CLEARWATER, Fla. (WFLA) – The Clearwater Marine Aquarium (CMA) is welcoming its newest resident, Rudolph. He doesn’t have a red nose but he does have rough teeth because he a rare “Rough-toothed dolphin”.
CMA says they are one of two facilities in North America to care for the species.
“If you were to look at a tooth magnified, you’re going to see some vertical grooves or ridges, so that’s how they get the rough name rough-tooth,” said Abby Stone, Stranding Coordinator. Stone’s job with CMA is to work specifically with dolphins that were previously stranded.
“You guys most likely probably have not seen these guys,” said Evan Keim, Senior Animal Care Specialist at CMA.
“The National Oceanic and Atmospheric Administration think there may be only 600 of these in the entire Gulf of Mexico,” said Bill Potts, formally known as the Chief Marketing and Revenue Officer for CMA, also known as “Hope the Dolphin’s BBF”.

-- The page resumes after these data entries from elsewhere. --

Lemma smooth_on_continuity_2d N x eps f D l a b : eps > 0 ->
  smooth_on N (Defs.ball N x eps) f D -> a <> b ->
  continuity_2d_pt (fun z t => D l (shift (shift x a z) b t)) 0 0.
Proof.
  intros Heps [_ [_ Hc]] Hab e.
  destruct (Hc l x (in_ball_center N x eps Heps) e (cond_pos e)) as [d [Hd Hclose]].
  assert (Hm : 0 < Rmin eps d) by (apply Rmin_glb_lt; lra).
  pose proof (Rmin_l eps d). pose proof (Rmin_r eps d).
  exists (mkposreal _ Hm). intros u v Hu Hv. simpl in Hu, Hv. rewrite Rminus_0_r in Hu, Hv.
  rewrite !shift_0. apply Hclose; apply ball_shift2; auto; lra.
Qed.

End MixedPartials.

Lemma smooth_on_partials_comm N x eps f D a b : eps > 0 ->
  smooth_on N (ball N x eps) f D -> (a < N)%nat -> (b < N)%nat ->
  D (a :: b :: nil) x = D (b :: a :: nil) x.
Proof.
  intros Heps Hf Ha Hb. pose proof Hf as [_ [Hd _]].
  destruct (Nat.eq_dec a b) as [<-|Hab]; [reflexivity|].
  set (pt z t := shift (shift x a z) b t).
  assert (ptb : forall z t h, pt z (t + h) = shift (pt z t) b h).
  { intros z t h. apply functional_extensionality; intros k. unfold pt, shift.
    destruct (Nat.eqb_spec k b); ring. }
  assert (pta : forall z t h, pt (z + h) t = shift (pt z t) a h).
  { intros z t h. apply functional_extensionality; intros k. unfold pt, shift.
    destruct (Nat.eqb_spec k b), (Nat.eqb_spec k a); try subst k; try lia; ring. }
  replace x with (pt 0 0) by (unfold pt; rewrite !shift_0; reflexivity).
  apply (mixed_partials_comm (fun z t => D nil (pt z t)) (fun z t => D (a :: nil) (pt z t))
    (fun z t => D (b :: nil) (pt z t)) (fun z t => D (a :: b :: nil) (pt z t))
    (fun z t => D (b :: a :: nil) (pt z t)) eps Heps);
    [| apply (smooth_on_continuity_2d N x eps f D) ..]; auto.
  intros u v Hu Hv.
  assert (Hin : ball N x eps (pt u v)) by (apply ball_shift2; auto).
  repeat split;
    [apply (derivable_pt_lim_along _ (fun z => pt z v) u a) |
     apply (derivable_pt_lim_along _ (fun t => pt u t) v b) |
     apply (derivable_pt_lim_along _ (fun z => pt z v) u a) |
     apply (derivable_pt_lim_along _ (fun t => pt u t) v b)]; auto.
Qed.

(** Partial derivative of [Evec n a y k] along [x_m]; only [Evec n n] depends on [y]. *)
Definition dEvec n a m k : R :=
  if (Nat.eqb a n && in_q n k && Nat.eqb (k - n - 1) m)%bool then 1 else 0.

Lemma derivable_pt_lim_Evec n a x m k :
  derivable_pt_lim (fun t => Evec n a (shift x m t) k) 0 (dEvec n a m k).
Proof.
  unfold Evec, dEvec. destruct (Nat.eqb k a) eqn:Eka.
  - apply Nat.eqb_eq in Eka. subst k.
    match goal with |- derivable_pt_lim _ _ ?l => replace l with 0 end;
      [apply derivable_pt_lim_const|].
    destruct (Nat.eqb_spec a n) as [->|]; simpl; [rewrite (in_q_false n n) by lia|];
      reflexivity.
  - destruct (Nat.eqb a n && in_q n k)%bool; simpl;
      [apply derivable_pt_lim_shift_coord | apply derivable_pt_lim_const].
Qed.

Lemma dEvec_sumR_p n a m F : (a < n)%nat -> sumR (dimH n) (fun k => dEvec n a m k * F k) = 0.
Proof.
  intros Ha. apply sumR_zero; intros k _. unfold dEvec.
  destruct (Nat.eqb_spec a n); [lia|]. simpl. lra.
Qed.

Lemma dEvec_sumR_r n m F :
  sumR (dimH n) (fun k => dEvec n n m k * F k) = if Nat.ltb m n then F (n + 1 + m)%nat else 0.
Proof.
  unfold dEvec. rewrite Nat.eqb_refl. simpl. destruct (Nat.ltb_spec m n).
  - rewrite (sumR_single _ (n + 1 + m)).
    + rewrite (proj2 (in_q_iff n (n + 1 + m))) by lia. simpl. case_eqb; [lra|lia].
    + unfold dimH; lia.
    + intros k _ Hk. destruct (in_q n k) eqn:Hq; simpl; [|lra].
      apply in_q_iff in Hq. case_eqb; [lia|lra].
  - apply sumR_zero; intros k _. destruct (in_q n k) eqn:Hq; simpl; [|lra].
    apply in_q_iff in Hq. case_eqb; [lia|lra].
Qed.

Lemma frame_identity_deriv n Jm x eps g h Dg Dh c a m :
  eps > 0 -> smooth_on (dimH n) (ball (dimH n) x eps) g Dg ->
  smooth_on (dimH n) (ball (dimH n) x eps) h Dh -> (m < dimH n)%nat ->
  (forall y, ball (dimH n) x eps y ->
     sumR (dimH n) (fun k => Jm k a * Dg (k :: nil) y) =
     c * sumR (dimH n) (fun k => Evec n a y k * Dh (k :: nil) y)) ->
  sumR (dimH n) (fun k => Jm k a * Dg (m :: k :: nil) x) =
  c * sumR (dimH n) (fun k => dEvec n a m k * Dh (k :: nil) x + Evec n a x k * Dh (m :: k :: nil) x).
Proof.
  intros He [_ [Hg _]] [_ [Hh _]] Hm Hid.
  pose proof (in_ball_center (dimH n) x eps He) as Hx.
  eapply (partial_unique_on_ball (dimH n) x eps m); [exact He | exact Hid | |].
  - apply derivable_pt_lim_sumR; intros k Hk.
    apply derivable_pt_lim_scal, Hg; auto.
  - apply derivable_pt_lim_scal, derivable_pt_lim_sumR; intros k Hk.
    pose proof (derivable_pt_lim_mult _ _ 0 _ _ (derivable_pt_lim_Evec n a x m k)
      (Hh (k :: nil) x m Hx Hm)) as Hd.
    cbv beta in Hd. rewrite !shift_0 in Hd. exact Hd.
Qed.

Section Holomorphic.
Variables (n : nat) (Jm : nat -> nat -> R).
Hypothesis Hpr : forall a b, (a < n + 1)%nat -> (b < n + 1)%nat -> Jm a b = 0.

Lemma Japply_Evec y a k : (a < n + 1)%nat -> (k < dimH n)%nat ->
  Japply n Jm y (Evec n a y) k = Jm k a.
Proof.
  intros Ha Hk.
  assert (HJ : forall j, Jcoef n Jm y (Evec n a y) j = Jm j a).
  { intros j. unfold Jcoef. rewrite (sumR_single _ a).
    - rewrite alpha_Evec, Nat.eqb_refl. ring.
    - unfold dimH; lia.
    - intros l _ Hl. rewrite alpha_Evec. case_eqb; [lia|ring]. }
  rewrite Japply_coord, !HJ, (Hpr n a) by lia. destruct (in_q n k); ring.
Qed.

(** The Cauchy-Riemann equations [du(J E_a) = - dv(E_a)], [dv(J E_a) = du(E_a)] for
    [a < n + 1], where [J E_a] has constant coordinates since it lies in [Z]. *)
Lemma holomorphic_frame U u v Du Dv y a :
  holomorphic_on n Jm U u v Du Dv -> U y -> (a < n + 1)%nat ->
  sumR (dimH n) (fun k => Jm k a * Du (k :: nil) y) =
    - sumR (dimH n) (fun k => Evec n a y k * Dv (k :: nil) y) /\
  sumR (dimH n) (fun k => Jm k a * Dv (k :: nil) y) =
    sumR (dimH n) (fun k => Evec n a y k * Du (k :: nil) y).
Proof.
  intros [_ [_ H]] Hy Ha. destruct (H y (Evec n a y) Hy) as [E1 E2]. unfold dif in E1, E2.
  split; [rewrite <- E1 | rewrite <- E2];
    apply sumR_ext; intros k Hk; rewrite Japply_Evec by auto; ring.
Qed.

(** [U1], [U2] (resp. [V1], [V2]) stand for the first and second partial derivatives of
    [u] (resp. [v]) at [x], and [HU], [HV] for the derivatives of the Cauchy-Riemann
    equations [holomorphic_frame]. *)
Section SecondOrder.
Variable x : Point.
Variables (U1 V1 : nat -> R) (U2 V2 : nat -> nat -> R).
Hypothesis U2_sym : forall m k, (m < dimH n)%nat -> (k < dimH n)%nat -> U2 m k = U2 k m.
Hypothesis V2_sym : forall m k, (m < dimH n)%nat -> (k < dimH n)%nat -> V2 m k = V2 k m.
Hypothesis HU : forall a m, (a < n + 1)%nat -> (m < dimH n)%nat ->
  sumR (dimH n) (fun k => Jm k a * U2 m k) =
  - sumR (dimH n) (fun k => dEvec n a m k * V1 k + Evec n a x k * V2 m k).
Hypothesis HV : forall a m, (a < n + 1)%nat -> (m < dimH n)%nat ->
  sumR (dimH n) (fun k => Jm k a * V2 m k) =
  sumR (dimH n) (fun k => dEvec n a m k * U1 k + Evec n a x k * U2 m k).

Let HU_p a m : (a < n)%nat -> (m < dimH n)%nat ->
  sumR (dimH n) (fun k => Jm k a * U2 m k) = - V2 m a.
Proof.
  intros Ha Hm. rewrite HU, sumR_plus, dEvec_sumR_p, Evec_sumR_p by lia. ring.
Qed.

Let HV_p a m : (a < n)%nat -> (m < dimH n)%nat ->
  sumR (dimH n) (fun k => Jm k a * V2 m k) = U2 m a.
Proof.
  intros Ha Hm. rewrite HV, sumR_plus, dEvec_sumR_p, Evec_sumR_p by lia. ring.
Qed.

Rudolph the dolphin is estimated to be between 2-5 years old, averaging at around 4-years-old.
According to CMA, Rudolph was stranded off Sanibel Island on December 16, 2019, and was transported to their rehabilitation facility at Fred Howard Park in Tarpon Springs, about 20 miles north of the aquarium.
“These guys are very social,” said Keim.
“So now, our buddy rudy has a best friend Rex,” said Potts.
Rex is another rough-toothed dolphin that was stranded and is new to the aquarium. He’s estimated to be between 5-7 years old, averaging at around 6-years-old.
The two have a lot in common. They both love fish and squid, and they both can’t hear well.
“They’re both deaf, so they can’t eco-locate to find their food,” said Potts.
These dolphins with rough teeth are causing hearts to go soft.
“They’re cute and funny at the same time,” said three little girls who enjoyed meeting Rudolph.
According to the National Oceanic and Atmospheric Administration (NOAA), there is very little known about the worldwide population of rough-toothed dolphins. They say it’s estimated that there are about 6,900 rough-toothed dolphins in US waters.
CMA says they will work with NOAA and its partners through research and conservation activities to further their understanding of this species.
You can meet Rudolph and Rex at the Clearwater Marine Aquarium or you can see what they’re up to right now by watching the 24/7 live webcam on the CMA website.